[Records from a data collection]
# # # # # # #

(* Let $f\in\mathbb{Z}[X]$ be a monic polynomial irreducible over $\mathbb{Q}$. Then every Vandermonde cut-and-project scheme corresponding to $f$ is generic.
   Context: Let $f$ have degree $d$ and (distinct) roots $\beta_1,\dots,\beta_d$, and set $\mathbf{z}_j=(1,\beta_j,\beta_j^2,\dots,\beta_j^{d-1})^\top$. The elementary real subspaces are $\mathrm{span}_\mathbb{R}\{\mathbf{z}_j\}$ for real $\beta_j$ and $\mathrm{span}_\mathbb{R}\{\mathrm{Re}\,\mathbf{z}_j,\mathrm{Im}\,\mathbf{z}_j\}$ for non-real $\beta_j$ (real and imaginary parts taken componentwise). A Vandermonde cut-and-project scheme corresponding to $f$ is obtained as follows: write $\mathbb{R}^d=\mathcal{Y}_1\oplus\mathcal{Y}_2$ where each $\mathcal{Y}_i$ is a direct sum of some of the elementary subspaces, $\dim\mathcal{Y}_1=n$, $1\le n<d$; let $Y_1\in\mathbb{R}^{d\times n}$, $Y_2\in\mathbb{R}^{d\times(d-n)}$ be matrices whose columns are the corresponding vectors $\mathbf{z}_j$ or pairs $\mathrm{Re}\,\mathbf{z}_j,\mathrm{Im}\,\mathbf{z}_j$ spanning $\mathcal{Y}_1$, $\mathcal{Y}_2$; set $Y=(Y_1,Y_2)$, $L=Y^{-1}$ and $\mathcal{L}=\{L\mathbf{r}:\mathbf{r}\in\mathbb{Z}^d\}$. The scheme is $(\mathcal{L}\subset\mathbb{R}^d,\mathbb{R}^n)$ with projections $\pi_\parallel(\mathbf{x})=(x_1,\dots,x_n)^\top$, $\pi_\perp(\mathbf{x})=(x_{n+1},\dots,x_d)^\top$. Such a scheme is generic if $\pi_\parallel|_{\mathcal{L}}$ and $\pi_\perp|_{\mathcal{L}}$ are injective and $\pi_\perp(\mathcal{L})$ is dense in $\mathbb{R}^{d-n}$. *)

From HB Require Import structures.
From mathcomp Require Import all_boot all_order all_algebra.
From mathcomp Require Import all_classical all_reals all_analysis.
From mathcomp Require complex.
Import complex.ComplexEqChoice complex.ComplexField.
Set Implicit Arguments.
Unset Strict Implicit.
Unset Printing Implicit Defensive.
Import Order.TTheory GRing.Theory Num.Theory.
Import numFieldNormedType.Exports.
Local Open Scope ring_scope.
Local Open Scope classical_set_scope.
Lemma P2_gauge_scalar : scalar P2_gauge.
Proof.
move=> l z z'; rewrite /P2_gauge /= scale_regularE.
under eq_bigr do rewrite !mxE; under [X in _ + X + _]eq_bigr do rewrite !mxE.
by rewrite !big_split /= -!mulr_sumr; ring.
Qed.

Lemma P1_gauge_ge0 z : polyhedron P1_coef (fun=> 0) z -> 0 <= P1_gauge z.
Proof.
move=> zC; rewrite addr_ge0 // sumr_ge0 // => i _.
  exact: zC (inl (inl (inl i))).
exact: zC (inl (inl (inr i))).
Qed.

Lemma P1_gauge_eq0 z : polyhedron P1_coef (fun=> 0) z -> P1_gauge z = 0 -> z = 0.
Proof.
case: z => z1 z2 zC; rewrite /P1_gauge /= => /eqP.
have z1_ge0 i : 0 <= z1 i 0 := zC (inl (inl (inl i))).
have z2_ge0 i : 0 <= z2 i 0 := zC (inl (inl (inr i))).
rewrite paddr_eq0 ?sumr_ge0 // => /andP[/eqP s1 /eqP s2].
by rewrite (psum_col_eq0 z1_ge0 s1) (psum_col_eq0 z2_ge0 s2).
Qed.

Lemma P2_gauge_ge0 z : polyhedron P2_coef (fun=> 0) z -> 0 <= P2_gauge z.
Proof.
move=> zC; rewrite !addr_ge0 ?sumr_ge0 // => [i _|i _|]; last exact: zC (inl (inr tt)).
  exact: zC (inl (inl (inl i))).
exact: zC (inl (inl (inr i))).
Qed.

# # # # # # #

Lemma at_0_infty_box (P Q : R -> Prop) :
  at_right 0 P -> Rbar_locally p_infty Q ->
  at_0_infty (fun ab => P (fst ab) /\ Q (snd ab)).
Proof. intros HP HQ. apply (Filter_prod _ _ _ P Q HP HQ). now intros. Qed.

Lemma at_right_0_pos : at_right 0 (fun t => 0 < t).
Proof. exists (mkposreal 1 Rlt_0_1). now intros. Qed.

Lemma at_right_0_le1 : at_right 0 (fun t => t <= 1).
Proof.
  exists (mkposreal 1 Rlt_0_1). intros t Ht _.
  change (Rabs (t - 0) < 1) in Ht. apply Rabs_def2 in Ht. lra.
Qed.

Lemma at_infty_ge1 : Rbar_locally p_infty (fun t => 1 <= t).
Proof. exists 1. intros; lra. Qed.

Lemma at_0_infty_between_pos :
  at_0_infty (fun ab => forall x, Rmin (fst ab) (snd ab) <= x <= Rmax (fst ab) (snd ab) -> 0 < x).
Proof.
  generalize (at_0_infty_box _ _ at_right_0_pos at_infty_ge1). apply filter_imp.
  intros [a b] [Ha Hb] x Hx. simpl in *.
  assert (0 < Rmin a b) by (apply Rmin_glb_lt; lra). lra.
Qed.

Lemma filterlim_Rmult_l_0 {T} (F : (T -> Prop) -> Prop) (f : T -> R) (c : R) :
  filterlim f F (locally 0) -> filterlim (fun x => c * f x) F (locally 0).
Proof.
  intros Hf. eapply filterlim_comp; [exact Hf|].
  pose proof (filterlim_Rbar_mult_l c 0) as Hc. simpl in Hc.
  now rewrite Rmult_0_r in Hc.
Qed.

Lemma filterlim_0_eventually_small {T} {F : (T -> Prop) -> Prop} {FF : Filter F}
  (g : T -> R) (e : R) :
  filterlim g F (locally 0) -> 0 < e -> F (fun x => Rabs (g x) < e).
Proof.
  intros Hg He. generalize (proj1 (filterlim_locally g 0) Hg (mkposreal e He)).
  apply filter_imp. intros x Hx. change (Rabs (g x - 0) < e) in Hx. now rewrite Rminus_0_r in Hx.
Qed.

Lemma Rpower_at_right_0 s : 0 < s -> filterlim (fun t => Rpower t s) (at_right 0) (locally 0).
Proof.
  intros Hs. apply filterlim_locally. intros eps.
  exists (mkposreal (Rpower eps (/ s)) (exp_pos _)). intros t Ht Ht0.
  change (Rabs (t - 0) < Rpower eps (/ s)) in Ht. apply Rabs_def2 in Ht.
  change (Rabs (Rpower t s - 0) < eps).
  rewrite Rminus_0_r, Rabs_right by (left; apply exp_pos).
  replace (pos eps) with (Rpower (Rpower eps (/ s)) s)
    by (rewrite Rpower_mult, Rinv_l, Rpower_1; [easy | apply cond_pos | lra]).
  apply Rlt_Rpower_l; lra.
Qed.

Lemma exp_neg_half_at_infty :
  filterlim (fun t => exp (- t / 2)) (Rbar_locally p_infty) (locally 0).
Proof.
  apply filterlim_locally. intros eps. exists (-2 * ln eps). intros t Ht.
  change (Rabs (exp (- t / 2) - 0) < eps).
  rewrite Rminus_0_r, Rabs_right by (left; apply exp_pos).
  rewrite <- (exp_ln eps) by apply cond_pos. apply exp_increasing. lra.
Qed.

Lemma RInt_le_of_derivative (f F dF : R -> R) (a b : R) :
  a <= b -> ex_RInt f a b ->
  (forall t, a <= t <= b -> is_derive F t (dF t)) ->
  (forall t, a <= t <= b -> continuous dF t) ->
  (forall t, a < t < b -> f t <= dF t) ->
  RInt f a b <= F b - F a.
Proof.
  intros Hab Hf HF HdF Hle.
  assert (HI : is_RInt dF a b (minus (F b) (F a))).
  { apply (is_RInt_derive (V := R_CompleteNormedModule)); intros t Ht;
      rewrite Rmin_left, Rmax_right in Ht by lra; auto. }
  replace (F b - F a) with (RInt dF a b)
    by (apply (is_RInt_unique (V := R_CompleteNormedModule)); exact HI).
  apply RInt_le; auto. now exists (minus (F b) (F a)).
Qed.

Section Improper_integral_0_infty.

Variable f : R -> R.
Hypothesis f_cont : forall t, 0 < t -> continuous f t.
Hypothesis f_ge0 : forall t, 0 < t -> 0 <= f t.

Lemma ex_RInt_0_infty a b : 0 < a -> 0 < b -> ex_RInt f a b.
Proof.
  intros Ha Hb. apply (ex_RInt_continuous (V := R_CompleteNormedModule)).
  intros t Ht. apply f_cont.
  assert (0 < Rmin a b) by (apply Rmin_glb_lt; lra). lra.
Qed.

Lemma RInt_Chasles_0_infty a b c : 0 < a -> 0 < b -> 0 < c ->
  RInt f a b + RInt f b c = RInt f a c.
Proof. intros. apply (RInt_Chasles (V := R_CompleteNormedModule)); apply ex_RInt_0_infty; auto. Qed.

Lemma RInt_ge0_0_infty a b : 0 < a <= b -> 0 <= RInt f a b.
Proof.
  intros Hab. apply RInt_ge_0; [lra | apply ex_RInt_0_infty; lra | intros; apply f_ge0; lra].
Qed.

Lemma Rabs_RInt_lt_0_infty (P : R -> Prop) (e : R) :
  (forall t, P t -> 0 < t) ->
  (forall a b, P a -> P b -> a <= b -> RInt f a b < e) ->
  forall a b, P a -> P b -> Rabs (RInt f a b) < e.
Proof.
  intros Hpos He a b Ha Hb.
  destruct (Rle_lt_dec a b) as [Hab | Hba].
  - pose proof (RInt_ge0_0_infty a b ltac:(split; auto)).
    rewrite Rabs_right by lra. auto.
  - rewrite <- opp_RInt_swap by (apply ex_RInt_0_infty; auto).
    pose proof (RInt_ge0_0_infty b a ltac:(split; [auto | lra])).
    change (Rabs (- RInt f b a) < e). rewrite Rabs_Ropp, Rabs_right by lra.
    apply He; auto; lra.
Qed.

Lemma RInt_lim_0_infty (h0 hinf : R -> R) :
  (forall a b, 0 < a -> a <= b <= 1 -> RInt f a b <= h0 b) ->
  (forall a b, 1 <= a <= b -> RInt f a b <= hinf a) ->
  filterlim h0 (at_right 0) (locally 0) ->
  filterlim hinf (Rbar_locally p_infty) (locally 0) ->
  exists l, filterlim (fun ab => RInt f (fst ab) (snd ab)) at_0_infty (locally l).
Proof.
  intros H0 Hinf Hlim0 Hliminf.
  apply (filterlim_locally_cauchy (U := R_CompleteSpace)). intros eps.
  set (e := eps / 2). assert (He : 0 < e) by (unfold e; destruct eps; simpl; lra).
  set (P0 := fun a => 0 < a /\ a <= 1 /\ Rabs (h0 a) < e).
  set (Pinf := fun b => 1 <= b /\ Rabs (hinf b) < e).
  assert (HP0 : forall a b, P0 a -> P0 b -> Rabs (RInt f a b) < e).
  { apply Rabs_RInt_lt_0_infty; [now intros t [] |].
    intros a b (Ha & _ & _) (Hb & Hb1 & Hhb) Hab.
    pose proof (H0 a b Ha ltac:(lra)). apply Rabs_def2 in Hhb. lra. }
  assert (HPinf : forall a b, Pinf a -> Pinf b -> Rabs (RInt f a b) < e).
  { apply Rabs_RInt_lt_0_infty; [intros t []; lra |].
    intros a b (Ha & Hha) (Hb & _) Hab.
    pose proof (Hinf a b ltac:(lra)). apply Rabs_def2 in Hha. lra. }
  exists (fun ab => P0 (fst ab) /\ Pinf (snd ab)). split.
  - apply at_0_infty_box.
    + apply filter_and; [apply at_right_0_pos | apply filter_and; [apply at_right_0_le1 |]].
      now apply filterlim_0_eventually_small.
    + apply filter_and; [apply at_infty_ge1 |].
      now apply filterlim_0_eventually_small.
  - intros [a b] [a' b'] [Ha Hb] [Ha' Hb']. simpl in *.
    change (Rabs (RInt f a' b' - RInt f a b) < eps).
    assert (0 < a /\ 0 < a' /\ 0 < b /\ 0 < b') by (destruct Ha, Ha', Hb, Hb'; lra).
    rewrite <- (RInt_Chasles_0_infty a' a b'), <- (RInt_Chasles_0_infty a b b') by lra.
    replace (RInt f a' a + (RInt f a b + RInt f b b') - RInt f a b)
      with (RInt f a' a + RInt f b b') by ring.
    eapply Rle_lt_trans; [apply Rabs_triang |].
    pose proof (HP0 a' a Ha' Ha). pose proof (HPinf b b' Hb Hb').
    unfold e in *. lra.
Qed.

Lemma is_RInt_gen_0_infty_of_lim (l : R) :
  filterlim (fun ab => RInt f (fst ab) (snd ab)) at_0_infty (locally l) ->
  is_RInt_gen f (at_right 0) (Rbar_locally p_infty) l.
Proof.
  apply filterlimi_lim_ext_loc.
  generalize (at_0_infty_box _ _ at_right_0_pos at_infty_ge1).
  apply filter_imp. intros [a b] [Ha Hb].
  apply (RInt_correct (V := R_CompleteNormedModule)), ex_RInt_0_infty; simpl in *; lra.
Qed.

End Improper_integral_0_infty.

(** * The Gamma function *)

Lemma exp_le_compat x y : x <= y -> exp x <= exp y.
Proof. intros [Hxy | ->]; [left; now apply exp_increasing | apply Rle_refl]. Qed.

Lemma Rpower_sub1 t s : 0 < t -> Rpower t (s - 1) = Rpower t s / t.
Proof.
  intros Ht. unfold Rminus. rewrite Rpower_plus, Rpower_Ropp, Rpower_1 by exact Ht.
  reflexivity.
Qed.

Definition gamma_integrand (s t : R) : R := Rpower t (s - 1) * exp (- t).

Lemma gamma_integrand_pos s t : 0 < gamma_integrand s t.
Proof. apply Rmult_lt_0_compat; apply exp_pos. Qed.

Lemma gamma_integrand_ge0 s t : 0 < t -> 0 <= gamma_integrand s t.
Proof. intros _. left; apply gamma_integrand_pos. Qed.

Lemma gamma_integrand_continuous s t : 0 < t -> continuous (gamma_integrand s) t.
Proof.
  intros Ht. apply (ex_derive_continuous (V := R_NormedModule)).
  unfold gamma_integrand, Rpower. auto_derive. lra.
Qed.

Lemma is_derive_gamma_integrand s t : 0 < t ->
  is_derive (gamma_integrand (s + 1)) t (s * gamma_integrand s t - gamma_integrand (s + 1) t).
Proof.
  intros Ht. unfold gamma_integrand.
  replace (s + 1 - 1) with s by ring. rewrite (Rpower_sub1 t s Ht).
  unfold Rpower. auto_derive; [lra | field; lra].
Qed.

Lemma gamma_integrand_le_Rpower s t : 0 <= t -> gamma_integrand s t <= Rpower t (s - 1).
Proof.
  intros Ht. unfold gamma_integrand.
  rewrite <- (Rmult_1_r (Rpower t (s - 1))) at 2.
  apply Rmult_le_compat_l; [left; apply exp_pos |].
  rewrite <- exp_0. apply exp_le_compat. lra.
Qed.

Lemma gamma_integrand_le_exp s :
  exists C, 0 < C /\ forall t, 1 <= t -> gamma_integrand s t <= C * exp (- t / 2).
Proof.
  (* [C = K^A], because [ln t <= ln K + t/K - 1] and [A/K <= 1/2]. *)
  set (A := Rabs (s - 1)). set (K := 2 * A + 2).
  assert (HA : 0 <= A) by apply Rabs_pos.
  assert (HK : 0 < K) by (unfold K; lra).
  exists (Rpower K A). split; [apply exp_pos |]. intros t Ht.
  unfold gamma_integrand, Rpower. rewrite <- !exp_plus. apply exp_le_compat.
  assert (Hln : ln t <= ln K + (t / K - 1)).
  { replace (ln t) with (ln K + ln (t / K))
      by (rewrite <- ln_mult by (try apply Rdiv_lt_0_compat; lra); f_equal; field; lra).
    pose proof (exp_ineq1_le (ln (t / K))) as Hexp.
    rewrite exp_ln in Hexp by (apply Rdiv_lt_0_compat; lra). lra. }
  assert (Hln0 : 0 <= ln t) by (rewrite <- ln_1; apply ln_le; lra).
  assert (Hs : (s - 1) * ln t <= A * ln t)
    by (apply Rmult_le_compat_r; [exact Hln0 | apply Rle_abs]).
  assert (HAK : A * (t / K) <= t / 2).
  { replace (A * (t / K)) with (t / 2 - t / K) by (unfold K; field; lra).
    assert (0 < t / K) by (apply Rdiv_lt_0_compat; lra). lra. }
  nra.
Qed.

# # # # # # #

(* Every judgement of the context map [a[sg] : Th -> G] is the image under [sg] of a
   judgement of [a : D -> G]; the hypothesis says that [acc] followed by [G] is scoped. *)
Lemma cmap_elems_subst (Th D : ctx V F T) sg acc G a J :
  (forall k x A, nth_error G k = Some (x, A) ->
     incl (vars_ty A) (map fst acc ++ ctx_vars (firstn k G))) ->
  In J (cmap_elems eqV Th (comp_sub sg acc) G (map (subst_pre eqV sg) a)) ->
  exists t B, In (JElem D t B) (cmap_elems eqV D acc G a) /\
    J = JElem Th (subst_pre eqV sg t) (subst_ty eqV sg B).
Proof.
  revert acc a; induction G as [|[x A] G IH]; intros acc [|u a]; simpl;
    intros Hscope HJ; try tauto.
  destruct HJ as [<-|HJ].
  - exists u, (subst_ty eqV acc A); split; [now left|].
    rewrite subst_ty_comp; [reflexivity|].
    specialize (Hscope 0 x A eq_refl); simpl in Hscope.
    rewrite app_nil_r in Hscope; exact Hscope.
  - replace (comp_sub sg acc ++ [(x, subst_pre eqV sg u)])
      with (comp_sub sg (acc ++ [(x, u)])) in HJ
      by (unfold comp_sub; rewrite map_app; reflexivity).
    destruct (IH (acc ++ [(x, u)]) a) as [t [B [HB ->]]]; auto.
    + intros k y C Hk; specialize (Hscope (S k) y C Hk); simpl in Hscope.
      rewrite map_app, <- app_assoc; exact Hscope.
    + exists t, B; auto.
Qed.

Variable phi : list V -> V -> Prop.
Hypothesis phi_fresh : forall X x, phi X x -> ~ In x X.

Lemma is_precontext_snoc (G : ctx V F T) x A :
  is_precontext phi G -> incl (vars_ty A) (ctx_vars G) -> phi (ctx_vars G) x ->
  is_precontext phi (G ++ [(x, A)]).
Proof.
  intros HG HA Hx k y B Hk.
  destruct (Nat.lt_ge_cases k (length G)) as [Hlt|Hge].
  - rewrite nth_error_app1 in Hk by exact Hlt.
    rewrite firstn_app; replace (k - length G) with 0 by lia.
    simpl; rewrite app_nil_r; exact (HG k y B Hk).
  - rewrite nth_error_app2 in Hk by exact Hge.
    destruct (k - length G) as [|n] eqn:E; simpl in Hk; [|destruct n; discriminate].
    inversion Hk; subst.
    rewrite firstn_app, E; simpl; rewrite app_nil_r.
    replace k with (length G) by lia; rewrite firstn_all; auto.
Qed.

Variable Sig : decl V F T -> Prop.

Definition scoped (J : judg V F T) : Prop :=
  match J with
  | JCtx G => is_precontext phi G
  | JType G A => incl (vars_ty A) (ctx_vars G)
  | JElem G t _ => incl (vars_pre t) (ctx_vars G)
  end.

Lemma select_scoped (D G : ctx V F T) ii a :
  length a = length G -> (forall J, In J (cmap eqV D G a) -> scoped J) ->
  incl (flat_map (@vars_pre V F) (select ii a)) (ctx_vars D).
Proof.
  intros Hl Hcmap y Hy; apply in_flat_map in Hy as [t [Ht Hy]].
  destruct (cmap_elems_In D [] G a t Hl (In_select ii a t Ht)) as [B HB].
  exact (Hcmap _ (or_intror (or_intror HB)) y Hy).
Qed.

# # # # # # #

DIRECTIONS FOR THIS TASK >>
For this exercise, return every line from the data that holds the string "Implicit".

SOLUTION BELOW >>
Set Implicit Arguments.
Unset Strict Implicit.
Unset Printing Implicit Defensive.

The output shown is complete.